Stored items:
(* Let $G$ be a cograph with (canonical) cotree $T_G$, and let $c$ be an inner vertex of $T_G$ with label $+$. Then the cograph $T_G(c)$ satisfies property $\mathcal{P}$ if and only if $c$ has at least two children in $T_G$ and either (i) there exist at least two children of $c$ in $T_G$ each of which is either a leaf or a vertex with label $\mathcal{R}$, or (ii) one of the children of $c$ is a vertex $u$ with label $\mathcal{R}$ such that $T_G(u)$ is the disjoint union of two complete graphs.
   Context: All graphs are finite and simple. For a graph $H$ and $v\in V(H)$, $N_H[v]$ denotes the closed neighbourhood of $v$. A set $D\subseteq V(H)$ is dominating if every vertex outside $D$ has a neighbour in $D$; $\gamma(H)$ is the minimum size of a dominating set. A dominating set $S$ is a secure dominating set if for every $x\in V(H)\setminus S$ there is a neighbour $y\in S$ of $x$ such that $(S\cup\{x\})\setminus\{y\}$ is dominating; $\gamma_s(H)$ is the minimum size of a secure dominating set. The join $G_1+G_2$ of disjoint graphs is their disjoint union together with all edges between $V(G_1)$ and $V(G_2)$. Cographs are defined recursively: $K_1$ is a cograph; the complement of a cograph is a cograph; the disjoint union of $k\ge 2$ cographs is a cograph. A cograph $G$ is represented by its cotree $T_G$: a rooted tree whose leaves are the vertices of $G$ and whose inner vertices are labelled $\cup$ or $+$, where the graph corresponding to an inner vertex is the disjoint union (label $\cup$) or the join (label $+$) of the graphs corresponding to its children; in this cotree the labels alternate, i.e. every child of a $\cup$-vertex is a leaf or a $+$-vertex, and every child of a $+$-vertex is a leaf or a $\cup$-vertex. For a vertex $v$ of $T_G$, $T_G(v)$ denotes the subgraph of $G$ induced by the leaves of the subtree of $T_G$ rooted at $v$. A vertex $u$ of $T_G$ has label $\mathcal{R}$ if (a) $u$ has label $\cup$, (b) $u$ has exactly two children $x,y$ in $T_G$, (c) $\gamma(T_G(x))=1$, and (d) $\gamma_s(T_G(y))=1$. A cograph $H$ which is the join of cographs $H_1,\dots,H_\ell$ with $\ell\ge 2$ satisfies property $\mathcal{P}$ if there exist two distinct vertices $x,y\in V(H)$ such that $\{x,y\}$ is a dominating set of $H$ and each of $V(H)\setminus N_H[x]$ and $V(H)\setminus N_H[y]$ is either empty or a clique (a set of vertices inducing a complete graph). *)

From Stdlib Require List.
From mathcomp Require Import all_boot.
Set Implicit Arguments. Unset Strict Implicit. Unset Printing Implicit Defensive.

ABOUT THIS TASK
Where a line of the data above includes the string "From", pull it out.

TASK ANSWER
From Stdlib Require List.
From mathcomp Require Import all_boot.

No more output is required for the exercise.